Activity> Pull every line containing "delta" out of the listing below.

*** Opening Record extracts ***

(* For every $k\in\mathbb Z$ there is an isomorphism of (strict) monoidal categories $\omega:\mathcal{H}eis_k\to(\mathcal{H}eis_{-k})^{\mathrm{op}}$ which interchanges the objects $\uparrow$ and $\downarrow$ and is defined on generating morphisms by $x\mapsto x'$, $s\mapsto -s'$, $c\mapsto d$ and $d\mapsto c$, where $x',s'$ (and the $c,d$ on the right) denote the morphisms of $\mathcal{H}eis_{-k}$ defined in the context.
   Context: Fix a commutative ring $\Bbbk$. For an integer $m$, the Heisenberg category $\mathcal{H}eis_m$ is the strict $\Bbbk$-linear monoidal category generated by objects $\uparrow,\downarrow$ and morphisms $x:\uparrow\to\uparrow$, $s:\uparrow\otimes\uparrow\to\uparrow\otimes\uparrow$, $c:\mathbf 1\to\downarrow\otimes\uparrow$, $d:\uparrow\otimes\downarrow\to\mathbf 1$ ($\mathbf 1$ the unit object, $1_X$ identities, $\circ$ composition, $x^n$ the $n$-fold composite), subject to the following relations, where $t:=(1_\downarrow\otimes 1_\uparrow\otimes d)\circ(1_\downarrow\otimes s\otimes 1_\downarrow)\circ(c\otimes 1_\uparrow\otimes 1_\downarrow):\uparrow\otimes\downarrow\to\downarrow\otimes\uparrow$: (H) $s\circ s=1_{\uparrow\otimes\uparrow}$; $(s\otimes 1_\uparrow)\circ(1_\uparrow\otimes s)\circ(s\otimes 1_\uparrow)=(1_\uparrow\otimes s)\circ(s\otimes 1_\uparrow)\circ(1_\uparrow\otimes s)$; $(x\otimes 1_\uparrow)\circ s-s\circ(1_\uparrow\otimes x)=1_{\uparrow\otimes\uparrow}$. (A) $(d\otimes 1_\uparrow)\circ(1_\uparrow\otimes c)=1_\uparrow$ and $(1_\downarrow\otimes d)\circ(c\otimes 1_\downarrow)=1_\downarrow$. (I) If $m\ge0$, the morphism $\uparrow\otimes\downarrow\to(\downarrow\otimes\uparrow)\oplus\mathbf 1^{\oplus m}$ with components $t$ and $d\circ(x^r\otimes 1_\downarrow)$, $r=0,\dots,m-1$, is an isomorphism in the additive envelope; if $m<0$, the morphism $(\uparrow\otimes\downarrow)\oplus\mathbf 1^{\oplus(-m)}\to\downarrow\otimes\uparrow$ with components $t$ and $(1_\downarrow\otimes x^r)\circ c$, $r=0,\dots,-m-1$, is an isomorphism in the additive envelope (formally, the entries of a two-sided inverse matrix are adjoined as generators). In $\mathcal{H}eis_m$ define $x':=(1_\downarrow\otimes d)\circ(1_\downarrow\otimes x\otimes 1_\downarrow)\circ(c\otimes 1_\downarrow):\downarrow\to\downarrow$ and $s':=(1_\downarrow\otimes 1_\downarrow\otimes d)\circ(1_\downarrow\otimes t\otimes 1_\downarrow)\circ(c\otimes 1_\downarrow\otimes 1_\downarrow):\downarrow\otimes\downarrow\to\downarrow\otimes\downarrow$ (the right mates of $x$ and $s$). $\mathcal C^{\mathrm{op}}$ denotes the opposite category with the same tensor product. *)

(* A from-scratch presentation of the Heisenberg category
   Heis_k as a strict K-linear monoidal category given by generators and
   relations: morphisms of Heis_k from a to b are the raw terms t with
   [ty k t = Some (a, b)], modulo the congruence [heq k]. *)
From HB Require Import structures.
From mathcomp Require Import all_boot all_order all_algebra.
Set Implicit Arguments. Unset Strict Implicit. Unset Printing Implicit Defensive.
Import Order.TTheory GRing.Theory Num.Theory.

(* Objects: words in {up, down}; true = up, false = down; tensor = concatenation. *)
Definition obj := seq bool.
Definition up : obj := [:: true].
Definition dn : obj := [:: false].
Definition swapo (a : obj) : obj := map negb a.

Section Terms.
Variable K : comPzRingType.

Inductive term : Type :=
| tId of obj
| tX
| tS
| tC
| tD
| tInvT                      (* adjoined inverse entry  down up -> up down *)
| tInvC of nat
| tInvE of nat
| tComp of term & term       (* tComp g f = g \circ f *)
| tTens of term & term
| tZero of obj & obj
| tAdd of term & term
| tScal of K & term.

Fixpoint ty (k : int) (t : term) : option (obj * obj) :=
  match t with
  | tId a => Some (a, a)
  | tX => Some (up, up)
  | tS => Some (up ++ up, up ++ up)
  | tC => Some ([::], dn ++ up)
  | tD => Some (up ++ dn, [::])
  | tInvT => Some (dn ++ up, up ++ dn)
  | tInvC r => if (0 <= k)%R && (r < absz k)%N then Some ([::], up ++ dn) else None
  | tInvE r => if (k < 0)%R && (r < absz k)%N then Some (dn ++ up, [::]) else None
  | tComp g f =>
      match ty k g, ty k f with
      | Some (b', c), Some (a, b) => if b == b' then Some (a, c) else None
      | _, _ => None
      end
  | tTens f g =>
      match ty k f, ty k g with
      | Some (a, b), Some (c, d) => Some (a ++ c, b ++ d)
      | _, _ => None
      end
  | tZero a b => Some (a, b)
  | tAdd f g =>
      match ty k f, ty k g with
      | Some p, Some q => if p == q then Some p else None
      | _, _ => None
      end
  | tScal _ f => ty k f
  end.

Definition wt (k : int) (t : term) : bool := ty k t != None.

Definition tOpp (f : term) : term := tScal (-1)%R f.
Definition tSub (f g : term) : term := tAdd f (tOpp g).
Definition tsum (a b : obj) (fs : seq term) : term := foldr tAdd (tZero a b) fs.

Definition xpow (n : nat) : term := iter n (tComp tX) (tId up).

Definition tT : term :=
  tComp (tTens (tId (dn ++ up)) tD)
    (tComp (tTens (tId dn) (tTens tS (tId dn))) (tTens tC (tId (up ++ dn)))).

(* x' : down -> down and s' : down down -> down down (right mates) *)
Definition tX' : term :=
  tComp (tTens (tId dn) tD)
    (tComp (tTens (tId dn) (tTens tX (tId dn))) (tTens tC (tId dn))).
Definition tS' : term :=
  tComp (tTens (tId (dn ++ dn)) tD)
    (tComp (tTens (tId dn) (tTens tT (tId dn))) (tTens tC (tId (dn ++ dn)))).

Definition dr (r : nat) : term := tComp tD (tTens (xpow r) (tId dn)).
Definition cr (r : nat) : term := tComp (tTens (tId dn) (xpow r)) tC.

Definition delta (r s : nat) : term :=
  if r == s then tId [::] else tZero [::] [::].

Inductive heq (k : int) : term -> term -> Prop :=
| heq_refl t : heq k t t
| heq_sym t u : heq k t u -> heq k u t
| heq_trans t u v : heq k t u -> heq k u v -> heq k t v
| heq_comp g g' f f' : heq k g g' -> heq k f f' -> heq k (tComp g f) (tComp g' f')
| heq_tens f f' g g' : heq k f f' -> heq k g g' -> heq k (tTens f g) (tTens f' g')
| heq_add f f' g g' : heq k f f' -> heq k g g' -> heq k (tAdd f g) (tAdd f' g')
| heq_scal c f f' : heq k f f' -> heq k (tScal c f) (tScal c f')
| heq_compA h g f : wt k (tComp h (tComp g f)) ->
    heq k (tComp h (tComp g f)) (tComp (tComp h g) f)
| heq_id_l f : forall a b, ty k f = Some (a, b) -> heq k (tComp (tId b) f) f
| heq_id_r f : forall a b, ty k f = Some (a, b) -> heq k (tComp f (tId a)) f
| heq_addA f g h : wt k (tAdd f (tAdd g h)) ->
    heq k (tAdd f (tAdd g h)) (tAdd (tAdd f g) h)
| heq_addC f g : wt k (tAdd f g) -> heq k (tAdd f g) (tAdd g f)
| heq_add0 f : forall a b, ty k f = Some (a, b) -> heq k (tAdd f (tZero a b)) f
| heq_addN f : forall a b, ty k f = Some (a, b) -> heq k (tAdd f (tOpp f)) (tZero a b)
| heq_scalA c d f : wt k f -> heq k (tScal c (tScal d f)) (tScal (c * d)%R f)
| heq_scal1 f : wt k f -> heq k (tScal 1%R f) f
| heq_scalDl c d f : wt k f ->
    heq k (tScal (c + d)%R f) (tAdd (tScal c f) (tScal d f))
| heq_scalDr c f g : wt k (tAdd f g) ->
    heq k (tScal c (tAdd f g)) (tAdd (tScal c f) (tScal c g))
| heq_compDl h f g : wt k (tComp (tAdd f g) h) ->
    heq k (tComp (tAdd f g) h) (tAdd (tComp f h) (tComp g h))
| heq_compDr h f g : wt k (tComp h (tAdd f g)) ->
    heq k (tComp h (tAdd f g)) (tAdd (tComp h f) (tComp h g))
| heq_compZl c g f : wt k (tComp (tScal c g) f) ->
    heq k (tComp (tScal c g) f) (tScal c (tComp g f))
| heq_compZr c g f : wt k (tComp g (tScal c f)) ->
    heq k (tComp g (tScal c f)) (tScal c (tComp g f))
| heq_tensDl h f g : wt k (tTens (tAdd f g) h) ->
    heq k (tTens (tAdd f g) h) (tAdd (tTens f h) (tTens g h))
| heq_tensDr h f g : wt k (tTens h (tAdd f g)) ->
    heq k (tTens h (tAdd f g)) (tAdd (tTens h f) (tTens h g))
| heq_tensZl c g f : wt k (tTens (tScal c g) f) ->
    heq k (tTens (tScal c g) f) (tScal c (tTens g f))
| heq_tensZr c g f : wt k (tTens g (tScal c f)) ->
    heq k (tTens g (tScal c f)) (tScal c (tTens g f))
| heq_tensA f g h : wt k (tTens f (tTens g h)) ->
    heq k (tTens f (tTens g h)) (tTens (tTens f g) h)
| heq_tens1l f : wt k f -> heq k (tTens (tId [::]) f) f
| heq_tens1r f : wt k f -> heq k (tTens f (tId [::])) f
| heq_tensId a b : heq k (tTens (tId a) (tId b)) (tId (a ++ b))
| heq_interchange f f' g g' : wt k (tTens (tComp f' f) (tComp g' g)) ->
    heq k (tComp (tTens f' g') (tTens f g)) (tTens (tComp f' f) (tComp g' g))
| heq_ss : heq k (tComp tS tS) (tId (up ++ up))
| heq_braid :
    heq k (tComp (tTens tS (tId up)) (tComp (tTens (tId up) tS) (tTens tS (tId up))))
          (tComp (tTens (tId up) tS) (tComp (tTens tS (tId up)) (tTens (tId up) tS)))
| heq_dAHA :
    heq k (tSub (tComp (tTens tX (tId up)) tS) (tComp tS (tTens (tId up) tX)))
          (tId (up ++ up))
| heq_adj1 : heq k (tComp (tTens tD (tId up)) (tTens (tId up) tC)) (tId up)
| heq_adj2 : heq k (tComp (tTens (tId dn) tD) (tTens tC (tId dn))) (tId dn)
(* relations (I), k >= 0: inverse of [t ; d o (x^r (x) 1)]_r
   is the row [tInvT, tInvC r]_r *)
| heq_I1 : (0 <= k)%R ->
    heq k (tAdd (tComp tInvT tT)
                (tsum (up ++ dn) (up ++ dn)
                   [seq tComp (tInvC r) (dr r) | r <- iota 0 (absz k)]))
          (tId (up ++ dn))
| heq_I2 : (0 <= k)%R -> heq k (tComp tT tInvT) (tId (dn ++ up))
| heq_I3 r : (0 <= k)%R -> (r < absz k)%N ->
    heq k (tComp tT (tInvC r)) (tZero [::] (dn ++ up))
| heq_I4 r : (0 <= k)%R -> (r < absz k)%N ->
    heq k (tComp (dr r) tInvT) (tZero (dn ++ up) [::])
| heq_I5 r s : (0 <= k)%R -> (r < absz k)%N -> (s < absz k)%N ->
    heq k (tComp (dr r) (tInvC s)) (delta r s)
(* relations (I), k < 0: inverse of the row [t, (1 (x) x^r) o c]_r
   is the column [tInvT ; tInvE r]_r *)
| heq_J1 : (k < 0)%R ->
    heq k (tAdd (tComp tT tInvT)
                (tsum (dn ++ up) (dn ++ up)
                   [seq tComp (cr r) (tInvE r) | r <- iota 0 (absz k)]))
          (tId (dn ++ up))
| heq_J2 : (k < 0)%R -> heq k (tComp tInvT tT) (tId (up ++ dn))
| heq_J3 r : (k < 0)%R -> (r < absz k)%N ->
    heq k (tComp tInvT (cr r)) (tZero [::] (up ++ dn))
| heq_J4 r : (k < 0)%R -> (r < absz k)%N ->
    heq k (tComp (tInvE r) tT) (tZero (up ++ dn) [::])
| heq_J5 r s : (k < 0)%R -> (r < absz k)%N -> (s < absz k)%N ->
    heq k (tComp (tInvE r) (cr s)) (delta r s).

*** Closing Record extracts ***

Result of the exercise>
Definition delta (r s : nat) : term :=
    heq k (tComp (dr r) (tInvC s)) (delta r s)
    heq k (tComp (tInvE r) (cr s)) (delta r s).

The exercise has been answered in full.